Acknowledging the investment of time and effort required, MAC Clinical Research offers compensation to both participants and their caregivers or study partners, potentially accumulating up to £1,595 based on the number of completed visits.
Eligibility for the trial is determined following a comprehensive clinical evaluation, with typical criteria including individuals aged between 50 and 85 who have a confirmed diagnosis of Alzheimer’s Disease. Participants should also have daily contact with a caregiver capable of attending all clinic visits, along with maintaining a stable dose of certain Alzheimer’s medications.
Those interested in exploring eligibility, or family members seeking further information, are encouraged to reach out for an initial discussion with the research team. The team is committed to explaining the study clearly, addressing any queries, and assisting in determining the suitability of participation without any pressure to proceed. Collaborating GPs will be kept informed throughout the process to ensure comprehensive care continuity.
For more details, interested persons can visit researchforyou.co.uk or use the freephone number 0800 917 7679. This trial is subject to oversight by an independent UK Research Ethics Committee, with approval from the MHRA, ensuring ethical compliance and the safety of participants throughout the study.

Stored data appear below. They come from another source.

(* Let $J\subset\mathbb{R}\setminus\{0\}$ be compact and $f\in C([0,1])$ (complex valued). Define $\psi:[0,1)\times J\to\mathbb{C}$ by \[ \psi(y,\alpha):=\frac{e^{i\varphi(y,\alpha)}}{1-y}\int_y^1e^{-i\varphi(x,\alpha)}f(x)dx. \] Then $\psi$ extends to a continuous function on $[0,1]\times J$.
   Context: For $\alpha\in\mathbb{R}\setminus\{0\}$ and $y\in(-1,1)$, $\varphi(y,\alpha):=-\frac{2\alpha}{(1-y)^2}+\frac{2\alpha}{1-y}-\frac{2}{\alpha}\log(1-y)$. *)

From Stdlib Require Import Reals.
From Coquelicot Require Import Coquelicot.
Open Scope R_scope.

Definition phi (y alpha : R) : R :=
  - (2 * alpha) / (1 - y) ^ 2 + (2 * alpha) / (1 - y) - (2 / alpha) * ln (1 - y).

Definition Cexpi (theta : R) : C := (cos theta, sin theta).

Definition psi (f : R -> C) (y alpha : R) : C :=
  Cmult (Cmult (Cexpi (phi y alpha)) (RtoC (/ (1 - y))))
        (RInt (V := C_R_CompleteNormedModule)
              (fun x => Cmult (Cexpi (- phi x alpha)) (f x)) y 1).

From Stdlib Require Import Reals Lra Lia.
From Coquelicot Require Import Coquelicot.
Open Scope R_scope.

(* For y < 1, psi is the continuous factor e^{i phi(y,a)} / (1 - y) times the tail
   integral T(y,a) = int_y^1 e^{-i phi(x,a)} f(x) dx.  T is Lipschitz in y because its
   integrand is bounded, and continuous in a because on [y, c] the phase is Lipschitz
   in a while int_c^1 is O(1 - c); hence T, and psi, are jointly continuous.

   At y = 1 the extension is 0.  Write f = f(1) + (f - f(1)): the second part contributes
   at most sup_[y,1] |f - f(1)| to psi.  For the constant part, phi' ~ -4a/(1-x)^3, so
   integrating by parts against i e^{-i phi} / phi', with 1/phi' replaced by its leading
   term -(1-x)^3/(4a), gives int_y^1 e^{-i phi} = O((1-y)^2) uniformly for a near a0;
   divided by 1 - y this tends to 0.

   The integrand has no limit at x = 1, so its Riemann integrability on [y, 1] is derived
   from its boundedness and its integrability on every [y, c], c < 1. *)

Notation RInt_C := (@RInt C_R_CompleteNormedModule).
Notation ex_RInt_C := (@ex_RInt C_R_NormedModule).

Lemma mult_lt_of_le_div d e M : 0 <= M -> 0 < e -> d <= e / (M + 1) -> d * M < e.
Proof.
  intros HM he hd. apply Rmult_le_compat_r with (r := M + 1) in hd; [| lra].
  replace (e / (M + 1) * (M + 1)) with e in hd by (field; lra).
  destruct (Rle_lt_dec d 0); nra.
Qed.

Definition glue (c : R) (f1 f2 : R -> R) (t : R) : R :=
  if Rle_dec t c then f1 t else f2 t.

Lemma adapted_couple_ext (f g : R -> R) a b l lf :
  a <= b -> (forall x, a <= x <= b -> f x = g x) ->
  adapted_couple f a b l lf -> adapted_couple g a b l lf.
Proof.
  intros hab Hfg [Hord [H0 [H1 [Hlen Hconst]]]].
  repeat split; auto.
  intros i Hi x Hx.
  rewrite Rmin_left in H0 by lra. rewrite Rmax_right in H1 by lra.
  assert (RList.pos_Rl l 0 <= RList.pos_Rl l i)
    by (apply (proj1 (RList.RList_P6 l) Hord); lia).
  assert (RList.pos_Rl l (S i) <= RList.pos_Rl l (pred (length l)))
    by (apply (proj1 (RList.RList_P6 l) Hord); lia).
  unfold open_interval in Hx.
  rewrite <- Hfg by lra. exact (Hconst i Hi x Hx).
Qed.

Lemma IsStepFun_glue_l a c (s : StepFun a c) f : a <= c -> IsStepFun (glue c s f) a c.
Proof.
  intros hac. exists (subdivision s), (subdivision_val s).
  apply adapted_couple_ext with (f := s); [exact hac | | apply StepFun_P1].
  intros x Hx. unfold glue. destruct (Rle_dec x c); [reflexivity | lra].
Defined.

Lemma IsStepFun_glue_r c b f v : c <= b -> IsStepFun (glue c f (fct_cte v)) c b.
Proof.
  intros hcb. exists (cons c (cons b nil)), (cons v nil).
  destruct (StepFun_P3 v hcb) as [Hord [H0 [H1 [Hlen Hconst]]]].
  repeat split; auto.
  intros i Hi x Hx. simpl in Hi. assert (i = 0%nat) by lia. subst i.
  simpl in Hx. unfold open_interval in Hx. unfold glue, fct_cte. simpl.
  destruct (Rle_dec x c); [lra | reflexivity].
Defined.

Lemma RiemannInt_SF_glue_l a c (s : StepFun a c) f (h : a <= c) :
  RiemannInt_SF (mkStepFun (IsStepFun_glue_l a c s f h)) = RiemannInt_SF s.
Proof. reflexivity. Qed.

Lemma RiemannInt_SF_glue_r c b f v (h : c <= b) :
  RiemannInt_SF (mkStepFun (IsStepFun_glue_r c b f v h)) = v * (b - c).
Proof. unfold RiemannInt_SF. simpl. destruct (Rle_dec c b); [ring | lra]. Qed.

Lemma Riemann_integrable_bounded_tail (g : R -> R) a b M : a < b ->
  (forall x, a <= x <= b -> Rabs (g x) <= M) ->
  (forall c, a <= c < b -> Riemann_integrable g a c) ->
  Riemann_integrable g a b.
Proof.
  intros hab HM Hint eps.
  assert (HM0 : 0 <= M) by (specialize (HM a); pose proof (Rabs_pos (g a)); lra).
  pose proof (cond_pos eps) as heps.
  set (d := Rmin (eps / 2 / (M + 1)) ((b - a) / 2)).
  assert (hd : 0 < d) by (apply Rmin_glb_lt; repeat apply Rdiv_lt_0_compat; lra).
  assert (hdba : d <= (b - a) / 2) by apply Rmin_r.
  assert (hdM : d * M < eps / 2) by (apply mult_lt_of_le_div; [lra | lra | apply Rmin_l]).
  set (c := b - d).
  assert (hac : a <= c) by (unfold c; lra).
  assert (hcb : c <= b) by (unfold c; lra).
  assert (he2 : 0 < eps / 2) by lra.
  destruct (Hint c ltac:(unfold c; lra) (mkposreal _ he2)) as [phi1 [psi1 [Happ Hsmall]]].
  pose (Pphi := StepFun_P46 (IsStepFun_glue_l a c phi1 (fct_cte 0) hac)
                            (IsStepFun_glue_r c b phi1 0 hcb)).
  pose (Ppsi_l := IsStepFun_glue_l a c psi1 (fct_cte M) hac).
  pose (Ppsi_r := IsStepFun_glue_r c b psi1 M hcb).
  pose (Ppsi := StepFun_P46 Ppsi_l Ppsi_r).
  exists (mkStepFun Pphi), (mkStepFun Ppsi). split.
  - intros t Ht. rewrite Rmin_left in Ht by lra. rewrite Rmax_right in Ht by lra.
    simpl. unfold glue.
    destruct (Rle_dec t c).
    + apply Happ. rewrite Rmin_left by lra. rewrite Rmax_right by lra. lra.
    + unfold fct_cte. rewrite Rminus_0_r. apply HM. lra.
  - rewrite <- (StepFun_P43 Ppsi_l Ppsi_r Ppsi).
    unfold Ppsi_l, Ppsi_r. rewrite RiemannInt_SF_glue_l, RiemannInt_SF_glue_r.
    simpl in Hsmall.
    replace (b - c) with d in * by (unfold c; ring).
    assert (0 <= M * d) by (apply Rmult_le_pos; lra).
    apply Rabs_def1; apply Rabs_def2 in Hsmall; lra.
Qed.

Lemma ex_RInt_bounded_tail (g : R -> R) a b M : a < b ->
  (forall x, a <= x <= b -> Rabs (g x) <= M) ->
  (forall c, a <= c < b -> ex_RInt g a c) ->
  ex_RInt g a b.
Proof.
  intros hab HM Hint. apply ex_RInt_Reals_1, Riemann_integrable_bounded_tail with M; auto.
  intros c Hc. apply ex_RInt_Reals_0, Hint, Hc.
Qed.

Lemma ex_RInt_C_bounded_tail (G : R -> C) a b M : a < b ->
  (forall x, a <= x <= b -> Cmod (G x) <= M) ->
  (forall c, a <= c < b -> ex_RInt_C G a c) ->
  ex_RInt_C G a b.
Proof.
  intros hab HM Hint.
  apply (ex_RInt_fct_extend_pair (U := R_NormedModule) (V := R_NormedModule));
    apply ex_RInt_bounded_tail with M; try exact hab.
  - intros x Hx. eapply Rle_trans; [| apply HM, Hx].
    eapply Rle_trans; [apply Rmax_l | apply Rmax_Cmod].
  - intros c Hc. exact (ex_RInt_fct_extend_fst (U := R_NormedModule) (V := R_NormedModule) _ _ _ (Hint c Hc)).
  - intros x Hx. eapply Rle_trans; [| apply HM, Hx].
    eapply Rle_trans; [apply Rmax_r | apply Rmax_Cmod].
  - intros c Hc. exact (ex_RInt_fct_extend_snd (U := R_NormedModule) (V := R_NormedModule) _ _ _ (Hint c Hc)).
Qed.

Lemma Rabs_RInt_le_approx_primitive (g U dU : R -> R) a b E : a <= b ->
  (forall x, a <= x <= b -> is_derive U x (dU x)) ->
  (forall x, a <= x <= b -> continuous dU x) ->
  ex_RInt g a b ->
  (forall x, a <= x <= b -> Rabs (g x - dU x) <= E) ->
  Rabs (RInt g a b) <= Rabs (U b - U a) + (b - a) * E.
Proof.
  intros hab HU HdU Hg HE.
  assert (HI : is_RInt dU a b (U b - U a)).
  { apply (is_RInt_derive (V := R_CompleteNormedModule));
      intros x Hx; rewrite Rmin_left, Rmax_right in Hx by lra; auto. }
  pose proof (is_RInt_minus _ _ _ _ _ _ (RInt_correct _ _ _ Hg) HI) as Hdiff.
  pose proof (norm_RInt_le_const (V := R_NormedModule) _ _ _ _ E hab HE Hdiff) as Hb.
  change (Rabs (RInt g a b - (U b - U a)) <= (b - a) * E) in Hb.
  replace (RInt g a b) with ((U b - U a) + (RInt g a b - (U b - U a))) by ring.
  eapply Rle_trans; [apply Rabs_triang | lra].
Qed.

Lemma Rabs_RInt_le_of_truncations (g : R -> R) a b K M : a < b -> ex_RInt g a b ->
  (forall x, a <= x <= b -> Rabs (g x) <= M) ->
  (forall c, a <= c < b -> Rabs (RInt g a c) <= K) ->
  Rabs (RInt g a b) <= K.
Proof.
  intros hab Hg HM HK.
  assert (HM0 : 0 <= M) by (specialize (HM a); pose proof (Rabs_pos (g a)); lra).
  apply Rle_plus_epsilon. intros e he.
  set (d := Rmin ((b - a) / 2) (e / (M + 1))).
  assert (hd : 0 < d) by (apply Rmin_glb_lt; apply Rdiv_lt_0_compat; lra).
  assert (hdba : d <= (b - a) / 2) by apply Rmin_l.
  assert (hdM : d * M < e) by (apply mult_lt_of_le_div; [lra | lra | apply Rmin_r]).
  rewrite <- (RInt_Chasles (V := R_CompleteNormedModule) g a (b - d) b).
  2: { apply ex_RInt_Chasles_1 with b; [lra | exact Hg]. }
  2: { apply ex_RInt_Chasles_2 with a; [lra | exact Hg]. }
  assert (Htail : Rabs (RInt g (b - d) b) <= (b - (b - d)) * M).
  { apply (norm_RInt_le_const (V := R_NormedModule) g); [lra | intros x Hx; apply HM; lra |].
    apply (RInt_correct (V := R_CompleteNormedModule)), ex_RInt_Chasles_2 with a; [lra | exact Hg]. }
  pose proof (HK (b - d) ltac:(lra)).
  eapply Rle_trans; [apply Rabs_triang|]. change (plus _ _) with (RInt g a (b - d) + RInt g (b - d) b).
  lra.
Qed.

In summary, as the number of individuals living with Alzheimer’s continues to increase, innovative approaches to treatment research like those conducted by MAC Clinical Research are crucial. Their ongoing efforts represent a significant step towards understanding and potentially mitigating some of the more distressing symptoms associated with this challenging condition.
Our Thoughts
The article discusses the ongoing clinical trial for a new investigational medicine targeting hallucinations and delusions in Alzheimer’s patients. While the trial emphasizes patient safety and rigorous monitoring, several aspects highlight areas for improved safety practices.

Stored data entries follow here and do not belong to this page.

Lemma cyl_mass_ge0 B s : 0 <= cyl_mass B s.
Proof. exact: fine_ge0. Qed.

Lemma cyl_mass_rcons B s : measurable B ->
  cyl_mass B s = cyl_mass B (rcons s 0) + cyl_mass B (rcons s 1).
Proof.
move=> mB; rewrite /cyl_mass !cylinder_rcons.
have mCb b : measurable (cylinder s `&` [set t | r (size s).+1 t = b] `&` B).
  by apply: measurableI => //; apply: measurableI;
    [exact: measurable_cyl | exact: measurable_r_eq].
rewrite -fineD ?fin_num_measure // -measureU //; last first.
  apply/seteqP; split=> t //= [[[_ ->] _] [[_ /eqP]]].
  by rewrite eq_sym oner_eq0.
congr (fine (P _)); apply/seteqP; split=> t /=; last by case=> -[[]].
by move=> [cyl_t Bt]; case: (r01 (size s).+1 t) => rt; [left | right].
Qed.

Lemma sum_cyl_mass B n : measurable B ->
  \sum_(s <- words01 R n) cyl_mass B s = fine (P B).
Proof.
move=> mB; elim: n => [|n IH].
  by rewrite big_seq1 /cyl_mass cylinder_nil setTI.
by rewrite big_words01S -IH; apply: eq_bigr => s _; rewrite -cyl_mass_rcons.
Qed.

Lemma pbar_cylinder s t : cylinder s t -> pbar r (size s) t = mean s.
Proof.
move=> cyl_t; rewrite /pbar /mean -sum_nth_pred; congr (_ * _).
by apply: eq_big_nat => i i_in; apply: cyl_t.
Qed.

Lemma measurable_pbar_dev_gt n (c eps : R) :
  measurable [set t | eps < `|pbar r n t - c|].
Proof.
have pbar_meas : measurable_fun setT (pbar r n).
  by apply: measurable_funM => //; exact: measurable_sum.
have dev_meas : measurable_fun setT (fun t => `|pbar r n t - c|).
  apply: measurableT_comp; first exact: normr_measurable.
  exact: measurable_funB.
have := dev_meas measurableT _ (measurable_itv `]eps, +oo[%R); rewrite setTI.
by congr measurable; apply/seteqP; split=> t /=; rewrite in_itv /= andbT.
Qed.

Firstly, greater emphasis on informed consent and ensuring participants fully understand risks and benefits could enhance compliance with the Health and Safety at Work Act 1974, which mandates the safeguarding of health and safety for patients in clinical settings. Moreover, the importance of a comprehensive risk assessment should be reiterated, particularly regarding the potential side effects of using antipsychotic medicines in vulnerable populations.
The Medicines for Human Use (Clinical Trials) Regulations 2004 require robust protocols to protect participants in trials, including adequate oversight and emergency procedures, which should be rigorously enforced to mitigate any adverse events.
To prevent similar incidents, it would be beneficial for clinical trial organizations to implement enhanced training for staff on recognizing and managing psychiatric symptoms, thus improving overall participant care and safety. Additionally, a more structured feedback mechanism from participants and caregivers could provide vital insights to further refine safety measures throughout the trial process.